Lemma hypIm_opp (al be t : R) : hypIm al be (- t) = - hypIm al be t.
Proof.
  unfold hypIm, PSeries. rewrite <- Series_opp. apply Series_ext. intros k. unfold im_coef.
  replace ((- t) ^ k) with ((-1) ^ k * t ^ k) by (rewrite <- Rpow_mult_distr; f_equal; ring).
  replace (hyp_coef al be k * ipow_im k * ((-1) ^ k * t ^ k))
    with (hyp_coef al be k * ((-1) ^ k * ipow_im k) * t ^ k) by ring.
  rewrite (proj2 (ipow_parity k)). ring.
Qed.

Section HypContiguity.
Variables al be : R.
Hypothesis Hb : 0 < be.

Let Hb1 : 0 < be + 1.
Proof. lra. Qed.

Local Hint Resolve CV_radius_re_coef CV_radius_im_coef : core.
Local Hint Extern 1 (CV_radius (PS_incr_1 _) = _) => rewrite CV_radius_incr_1 : core.

Lemma is_derive_hypRe (t : R) :
  is_derive (hypRe al be) t (- (al / be) * hypIm (al + 1) (be + 1) t).
Proof.
  unfold hypRe, hypIm. rewrite <- PSeries_scal.
  replace (PSeries (PS_scal _ _) t) with (PSeries (PS_derive (re_coef al be)) t).
  - apply is_derive_PSeries. rewrite CV_radius_re_coef by exact Hb. exact I.
  - apply PSeries_ext. intros k. unfold PS_derive, PS_scal, re_coef, im_coef. simpl ipow_re.
    transitivity (- (INR (S k) * hyp_coef al be (S k)) * ipow_im k); [ring|].
    rewrite hyp_coef_deriv by exact Hb. cbn. ring.
Qed.

Lemma is_derive_hypIm (t : R) :
  is_derive (hypIm al be) t (al / be * hypRe (al + 1) (be + 1) t).
Proof.
  unfold hypRe, hypIm. rewrite <- PSeries_scal.
  replace (PSeries (PS_scal _ _) t) with (PSeries (PS_derive (im_coef al be)) t).
  - apply is_derive_PSeries. rewrite CV_radius_im_coef by exact Hb. exact I.
  - apply PSeries_ext. intros k. unfold PS_derive, PS_scal, re_coef, im_coef. simpl ipow_im.
    transitivity ((INR (S k) * hyp_coef al be (S k)) * ipow_re k); [ring|].
    rewrite hyp_coef_deriv by exact Hb. cbn. ring.
Qed.

Lemma hypRe_shift10 (t : R) :
  hypRe (al + 1) be t = hypRe al be t - t / be * hypIm (al + 1) (be + 1) t.
Proof.
  unfold hypRe, hypIm.
  rewrite (PSeries_lincomb2 _ (re_coef al be) (PS_incr_1 (im_coef (al + 1) (be + 1))) 1 (- / be));
    auto.
  - rewrite PSeries_incr_1. field. lra.
  - intros [|k]; unfold re_coef, im_coef; simpl PS_incr_1; simpl ipow_re.
    + rewrite !hyp_coef_0. cbn. ring.
    + rewrite hyp_coef_shift10 by exact Hb. field. lra.
Qed.

Lemma hypIm_shift10 (t : R) :
  hypIm (al + 1) be t = hypIm al be t + t / be * hypRe (al + 1) (be + 1) t.
Proof.
  unfold hypRe, hypIm.
  rewrite (PSeries_lincomb2 _ (im_coef al be) (PS_incr_1 (re_coef (al + 1) (be + 1))) 1 (/ be));
    auto.
  - rewrite PSeries_incr_1. field. lra.
  - intros [|k]; unfold re_coef, im_coef; simpl PS_incr_1; simpl ipow_im.
    + rewrite !hyp_coef_0. cbn. ring.
    + rewrite hyp_coef_shift10 by exact Hb. field. lra.
Qed.

Lemma hypRe_shift21 (t : R) :
  (al + 1) * hypRe (al + 2) (be + 1) t
  = be * hypRe al be t + (al + 1 - be) * hypRe (al + 1) (be + 1) t - t * hypIm (al + 1) (be + 1) t.
Proof.
  unfold hypRe, hypIm. rewrite <- PSeries_scal.
  rewrite (PSeries_lincomb3 _ (re_coef al be) (re_coef (al + 1) (be + 1))
             (PS_incr_1 (im_coef (al + 1) (be + 1))) be (al + 1 - be) (-1)); auto.
  - rewrite PSeries_incr_1. ring.
  - intros k. unfold PS_scal, re_coef, im_coef. cbn -[hyp_coef ipow_re ipow_im PS_incr_1].
    rewrite <- Rmult_assoc, hyp_coef_shift21 by exact Hb.
    destruct k as [|k]; cbn; ring.
Qed.
(* Let $\mathcal H$ be a separable complex Hilbert space and $\mathcal L_0$ a complete reflexive subspace lattice on $\mathcal H$. Let $\mathcal L$ be either $\mathcal L_{n_0}$ (for some integer $n_0\ge2$) or $\mathcal L_\infty$, as defined in the context. Then $\mathrm{R_1}(\operatorname{Alg}\mathcal L)\subset\mathrm{I_d}(\operatorname{Alg}\mathcal L)$ if and only if $\mathrm{R_1}(\operatorname{Alg}\mathcal L_0)\subset\mathrm{I_d}(\operatorname{Alg}\mathcal L_0)$.
   Context: A subspace lattice is a family of closed subspaces containing $\{0\}$ and the whole space, closed under arbitrary closed linear spans ($\vee$) and intersections ($\wedge$); subspaces are identified with orthogonal projections. $\operatorname{Alg}\mathcal L=\{A:AE\subset E\ \forall E\in\mathcal L\}$; $\mathcal L$ is reflexive if it equals the lattice of closed subspaces invariant under all of $\operatorname{Alg}\mathcal L$. For an algebra $\mathcal A$ of operators, $\mathrm{I_d}(\mathcal A)$ is the linear span of the idempotent operators in $\mathcal A$ and $\mathrm{R_1}(\mathcal A)$ is the linear span of the rank-one operators in $\mathcal A$. Construction: for $n_0\ge2$, $\mathcal K_{n_0}=\mathcal H^{(n_0)}$; $\zeta=(a_1,\dots,a_{n_0})\in\mathbb C^{n_0}$ a unit vector with all $a_i\ne0$; $Q_\zeta$ the orthogonal projection onto $\{(a_1x,\dots,a_{n_0}x):x\in\mathcal H\}$; $E_{ij}$ the matrix units of $M_{n_0}(\mathbb C)$, $F_k=\sum_{j=1}^kE_{jj}\otimes I$; $\mathcal L_{n_0}$ is the subspace lattice on $\mathcal K_{n_0}$ generated by $\{E_{11}\otimes P,Q_\zeta,F_k:P\in\mathcal L_0,2\le k\le n_0\}$. Also $\mathcal K_\infty=\ell^2(\mathbb N)\otimes\mathcal H$; $\eta=(b_1,b_2,\dots)\in\ell^2(\mathbb N)$ a unit vector with all $b_n\ne0$; $Q_\eta$ the orthogonal projection onto $\{(b_1x,b_2x,\dots):x\in\mathcal H\}$; $E_{ij}$ the matrix units of $\mathcal B(\ell^2(\mathbb N))$, $F_k=\sum_{j=1}^kE_{jj}\otimes I$; $\mathcal L_\infty$ is the subspace lattice on $\mathcal K_\infty$ generated by $\{E_{11}\otimes P,Q_\eta,F_k:P\in\mathcal L_0,k\ge2\}$. *)

From HB Require Import structures.
From mathcomp Require Import all_boot all_order all_algebra.
From mathcomp Require Import boolp classical_sets functions reals.
From mathcomp Require Export complex.
Set Implicit Arguments. Unset Strict Implicit. Unset Printing Implicit Defensive.
Import Order.TTheory GRing.Theory Num.Theory.
Local Open Scope ring_scope.
Local Open Scope classical_set_scope.

Section Hilbert.
Variable R : realType.
Local Notation C := (R[i]).
Variable V : lmodType C.
Variable ip : V -> V -> C.

Definition ip_norm (x : V) : R := Num.sqrt (complex.Re (ip x x)).

Definition is_inner_product : Prop :=
  [/\ forall a x y z, ip (a *: x + y) z = a * ip x z + ip y z,
      forall x y, ip y x = conjc (ip x y),
      forall x, 0 <= complex.Re (ip x x) &
      forall x, ip x x = 0 -> x = 0].

Definition ip_complete : Prop :=
  forall u : nat -> V,
    (forall e : R, 0 < e -> exists N, forall m n, (N <= m)%N -> (N <= n)%N ->
        ip_norm (u m - u n) < e) ->
    exists l, forall e : R, 0 < e -> exists N, forall n, (N <= n)%N ->
        ip_norm (u n - l) < e.

Definition ip_separable : Prop :=
  exists d : nat -> V, forall x (e : R), 0 < e -> exists n, ip_norm (x - d n) < e.

Definition complex_hilbert_space : Prop :=
  [/\ is_inner_product, ip_complete & ip_separable].
End Hilbert.

(* Generic notions on a normed space given by a carrier K (an lmodType over  *)
(* C), a domain D : set K (the vectors of the space; setT for H and H^(n),   *)
(* the square-summable sequences for l^2(N) (x) H) and a norm nrm.           *)
(* Closed subspaces are identified with orthogonal projections (as in the    *)
(* paper), so we work with the subspaces themselves.  Operators are maps     *)
(* K -> K, considered on D only (equality of operators = equality on D).     *)
Section Generic.
Variable R : realType.
Local Notation C := (R[i]).
Variable K : lmodType C.
Variable D : set K.
Variable nrm : K -> R.

Definition norm_cvg (u : nat -> K) (l : K) : Prop :=
  forall e : R, 0 < e -> exists N, forall n, (N <= n)%N -> nrm (u n - l) < e.

Definition closed_subspace (E : set K) : Prop :=
  [/\ E `<=` D, E 0,
      (forall (a : C) x y, E x -> E y -> E (a *: x + y)) &
      forall (u : nat -> K) l, (forall n, E (u n)) -> D l -> norm_cvg u l -> E l].

Definition cspan (F : set (set K)) : set K :=
  [set x | D x /\ forall M, closed_subspace M -> (forall E, F E -> E `<=` M) -> M x].

(* intersection of a family of subspaces (the whole space for the empty family) *)
Definition cmeet (F : set (set K)) : set K :=
  [set x | D x /\ forall E, F E -> E x].

Definition subspace_lattice (L : set (set K)) : Prop :=
  [/\ (forall E, L E -> closed_subspace E),
      L [set 0], L D,
      (forall F, F `<=` L -> L (cspan F)) &
      (forall F, F `<=` L -> L (cmeet F))].

Definition complete_subspace_lattice (L : set (set K)) : Prop :=
  subspace_lattice L /\
  (forall F, F `<=` L -> L (cspan F)) /\ (forall F, F `<=` L -> L (cmeet F)).

Definition lattice_gen (G : set (set K)) : set (set K) :=
  [set E | forall L, subspace_lattice L -> G `<=` L -> L E].

Definition bounded_op (A : K -> K) : Prop :=
  [/\ forall x, D x -> D (A x),
      forall (a : C) x y, D x -> D y -> A (a *: x + y) = a *: A x + A y &
      exists M : R, forall x, D x -> nrm (A x) <= M * nrm x].

Definition Alg (L : set (set K)) : set (K -> K) :=
  [set A | bounded_op A /\ forall E, L E -> forall x, E x -> E (A x)].

Definition Lat (S : set (K -> K)) : set (set K) :=
  [set E | closed_subspace E /\ forall A, S A -> forall x, E x -> E (A x)].

Definition reflexive_lattice (L : set (set K)) : Prop := Lat (Alg L) = L.

Definition idempotent_op (A : K -> K) : Prop := forall x, D x -> A (A x) = A x.

Definition rank_one_op (A : K -> K) : Prop :=
  exists y, [/\ D y, y != 0, (forall x, D x -> exists c : C, A x = c *: y) &
                 exists x, D x /\ A x != 0].

Definition in_op_span (S : set (K -> K)) (B : K -> K) : Prop :=
  exists s : seq (C * (K -> K)), (forall p, p \in s -> S p.2) /\
    forall x, D x -> B x = \sum_(p <- s) p.1 *: p.2 x.

Definition Id_span (A : set (K -> K)) := in_op_span (A `&` idempotent_op).
Definition R1_span (A : set (K -> K)) := in_op_span (A `&` rank_one_op).

Definition R1_sub_Id (A : set (K -> K)) : Prop :=
  forall B, R1_span A B -> Id_span A B.
End Generic.

Section Constructions.
Variable R : realType.
Local Notation C := (R[i]).
Variable V : lmodType C.
Variable nrmH : V -> R.

(* K_{n0} = H^(n0), vectors x : 'I_n0 -> V *)
Definition Kn_norm (n0 : nat) (x : 'I_n0 -> V) : R :=
  Num.sqrt (\sum_(i < n0) nrmH (x i) ^+ 2).

(* K_oo = l^2(N) (x) H = square-summable sequences in H *)
Definition l2_partial (x : nat -> V) : set R :=
  [set \sum_(n < N) nrmH (x n) ^+ 2 | N in [set: nat]].
Definition Kinf_dom : set (nat -> V) := [set x | has_ubound (l2_partial x)].
Definition Kinf_norm (x : nat -> V) : R := Num.sqrt (sup (l2_partial x)).

Variable L0 : set (set V).

(* generators of L_{n0}: E_11 (x) P (P in L0), Q_zeta, F_k (2 <= k <= n0).
   Coordinates are 0-indexed: coordinate 0 is the range of E_11, and
   F_k is the set of x supported on coordinates 0..k-1. *)
Definition gens_n (n0 : nat) (a : 'I_n0 -> C) : set (set ('I_n0 -> V)) :=
  [set E | (exists P, L0 P /\
              E = [set x | forall i : 'I_n0, if (i == 0 :> nat) then P (x i) else x i = 0])
         \/ E = [set x | exists h : V, forall i, x i = a i *: h]
         \/ (exists k, (2 <= k <= n0)%N /\
              E = [set x | forall i : 'I_n0, (k <= i)%N -> x i = 0])].

Definition L_n (n0 : nat) (a : 'I_n0 -> C) : set (set ('I_n0 -> V)) :=
  lattice_gen [set: 'I_n0 -> V] (@Kn_norm n0) (gens_n a).

Definition gens_inf (b : nat -> C) : set (set (nat -> V)) :=
  [set E | (exists P, L0 P /\
              E = [set x | Kinf_dom x /\ P (x 0%N) /\ forall i, i != 0%N -> x i = 0])
         \/ E = [set x | exists h : V, forall i, x i = b i *: h]
         \/ (exists k, (2 <= k)%N /\
              E = [set x | forall i, (k <= i)%N -> x i = 0])].

Definition L_inf (b : nat -> C) : set (set (nat -> V)) :=
  lattice_gen Kinf_dom Kinf_norm (gens_inf b).
End Constructions.

Definition series_to (R : realType) (u : nat -> R) (l : R) : Prop :=
  forall e : R, 0 < e -> exists N, forall M, (N <= M)%N -> `|\sum_(n < M) u n - l| < e.

Definition unit_vec_fin (R : realType) (n0 : nat) (a : 'I_n0 -> R[i]) : Prop :=
  \sum_(i < n0) complex.Re (`|a i| ^+ 2) = 1.

Definition unit_vec_l2 (R : realType) (b : nat -> R[i]) : Prop :=
  series_to (fun n => complex.Re (`|b n| ^+ 2)) 1.

(* Alg L consists of the bounded operators leaving invariant the generators
   E_11 (x) P (P in L0), Q and F_k of L.  An operator B of Alg L0 lifts to the
   operator of Alg L sending x to the vector with first coordinate
   B x_1 - (a_1 / a_2) B x_2 and all others 0, which kills Q.  Lifting
   preserves rank one and idempotence and is undone by compression to the first
   coordinate, so decompositions of rank-one operators pass from Alg L to
   Alg L0.  Conversely, up to the lift of a rank-one operator of Alg L0, a
   rank-one operator of Alg L is some g (x) u of Alg L with g vanishing on the
   first coordinate.  The generators on which g does not vanish then have a
   least element, and any vector z of it with g z = 1 makes
   g (x) u = g (x) (z + u - (g u) z) + (g u - 1) g (x) z a combination of two
   idempotents of Alg L. *)

From Pilot Require Import Defs.
From HB Require Import structures.
From mathcomp Require Import all_boot all_order all_algebra.
From mathcomp Require Import boolp classical_sets functions reals complex.
From mathcomp Require Import ring lra.
Import Order.TTheory GRing.Theory Num.Theory Normc.
Local Open Scope ring_scope.
Local Open Scope classical_set_scope.
Set Implicit Arguments. Unset Strict Implicit. Unset Printing Implicit Defensive.

Lemma normc_ge0 (R : rcfType) (a : R[i]) : 0 <= normc a.
Proof. by case: a => x y; apply: sqrtr_ge0. Qed.

Lemma normr_normc (R : rcfType) (a : R[i]) : `|a| = ((normc a)%:C)%C.
Proof. by case: a. Qed.

Lemma normcN1 (R : rcfType) : normc (-1 : R[i]) = 1.
Proof. by rewrite (normcN (1 : R[i])) normc1. Qed.

Lemma fun_scale_addE (S : pzRingType) (V : lmodType S) (T : Type) a (x y : T -> V) t :
  (a *: x + y) t = a *: x t + y t.
Proof. by []. Qed.

Section InnerProduct.
Variable R : realType.
Local Notation C := R[i].
Variable V : lmodType C.
Variable ip : V -> V -> C.
Hypothesis ipP : is_inner_product ip.
Local Notation nH := (ip_norm ip).

Lemma ip0l z : ip 0 z = 0.
Proof. by case: ipP => lin _ _ _; have := lin (-1) 0 0 z; rewrite scaler0 addr0 mulN1r addNr. Qed.

Lemma ipZl a x z : ip (a *: x) z = a * ip x z.
Proof. by case: ipP => lin _ _ _; have := lin a x 0 z; rewrite !addr0 ip0l addr0. Qed.

Lemma ipDl x y z : ip (x + y) z = ip x z + ip y z.
Proof. by case: ipP => lin _ _ _; have := lin 1 x y z; rewrite scale1r mul1r. Qed.

Lemma ipNl x z : ip (- x) z = - ip x z.
Proof. by rewrite -scaleN1r ipZl mulN1r. Qed.

Lemma ipJ x y : ip y x = (ip x y)^*%C.
Proof. by case: ipP. Qed.

Lemma ipZr a x z : ip z (a *: x) = a^*%C * ip z x.
Proof. by rewrite ipJ ipZl rmorphM /= -ipJ. Qed.

Lemma ipDr x y z : ip z (x + y) = ip z x + ip z y.
Proof. by rewrite ipJ ipDl rmorphD /= -!ipJ. Qed.

Lemma ipNr x z : ip z (- x) = - ip z x.
Proof. by rewrite ipJ ipNl rmorphN /= -ipJ. Qed.

Lemma ipxx_real x : ip x x = ((complex.Re (ip x x))%:C)%C.
Proof.
move: (ipJ x x); case: (ip x x) => a b /= [] b_opp.
suff -> : b = 0 by [].
have : b *+ 2 = 0 by rewrite mulr2n {1}b_opp addNr.
by move/eqP; rewrite mulrn_eq0 /= => /eqP.
Qed.

Lemma ip_norm_ge0 x : 0 <= nH x.
Proof. exact: sqrtr_ge0. Qed.

Lemma ip_norm_sqr x : nH x ^+ 2 = complex.Re (ip x x).
Proof. by rewrite sqr_sqrtr //; case: ipP. Qed.

Lemma ip_norm_eq0 x : nH x = 0 -> x = 0.
Proof.
move=> nx0; case: ipP => _ _ _; apply.
by rewrite ipxx_real -ip_norm_sqr nx0 expr0n.
Qed.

· · · · ·

• _Work task_
Please give back, exactly as it stands above, the stretch from the line with "Lemma normcN1 (R" through the line with "Proof. by rewrite sqr_sqrtr", and no line outside it.

• _Solution to this problem_
Lemma normcN1 (R : rcfType) : normc (-1 : R[i]) = 1.
Proof. by rewrite (normcN (1 : R[i])) normc1. Qed.

Lemma fun_scale_addE (S : pzRingType) (V : lmodType S) (T : Type) a (x y : T -> V) t :
  (a *: x + y) t = a *: x t + y t.
Proof. by []. Qed.

Section InnerProduct.
Variable R : realType.
Local Notation C := R[i].
Variable V : lmodType C.
Variable ip : V -> V -> C.
Hypothesis ipP : is_inner_product ip.
Local Notation nH := (ip_norm ip).

Lemma ip0l z : ip 0 z = 0.
Proof. by case: ipP => lin _ _ _; have := lin (-1) 0 0 z; rewrite scaler0 addr0 mulN1r addNr. Qed.

Lemma ipZl a x z : ip (a *: x) z = a * ip x z.
Proof. by case: ipP => lin _ _ _; have := lin a x 0 z; rewrite !addr0 ip0l addr0. Qed.

Lemma ipDl x y z : ip (x + y) z = ip x z + ip y z.
Proof. by case: ipP => lin _ _ _; have := lin 1 x y z; rewrite scale1r mul1r. Qed.

Lemma ipNl x z : ip (- x) z = - ip x z.
Proof. by rewrite -scaleN1r ipZl mulN1r. Qed.

Lemma ipJ x y : ip y x = (ip x y)^*%C.
Proof. by case: ipP. Qed.

Lemma ipZr a x z : ip z (a *: x) = a^*%C * ip z x.
Proof. by rewrite ipJ ipZl rmorphM /= -ipJ. Qed.

Lemma ipDr x y z : ip z (x + y) = ip z x + ip z y.
Proof. by rewrite ipJ ipDl rmorphD /= -!ipJ. Qed.

Lemma ipNr x z : ip z (- x) = - ip z x.
Proof. by rewrite ipJ ipNl rmorphN /= -ipJ. Qed.

Lemma ipxx_real x : ip x x = ((complex.Re (ip x x))%:C)%C.
Proof.
move: (ipJ x x); case: (ip x x) => a b /= [] b_opp.
suff -> : b = 0 by [].
have : b *+ 2 = 0 by rewrite mulr2n {1}b_opp addNr.
by move/eqP; rewrite mulrn_eq0 /= => /eqP.
Qed.

Lemma ip_norm_ge0 x : 0 <= nH x.
Proof. exact: sqrtr_ge0. Qed.

Lemma ip_norm_sqr x : nH x ^+ 2 = complex.Re (ip x x).
Proof. by rewrite sqr_sqrtr //; case: ipP. Qed.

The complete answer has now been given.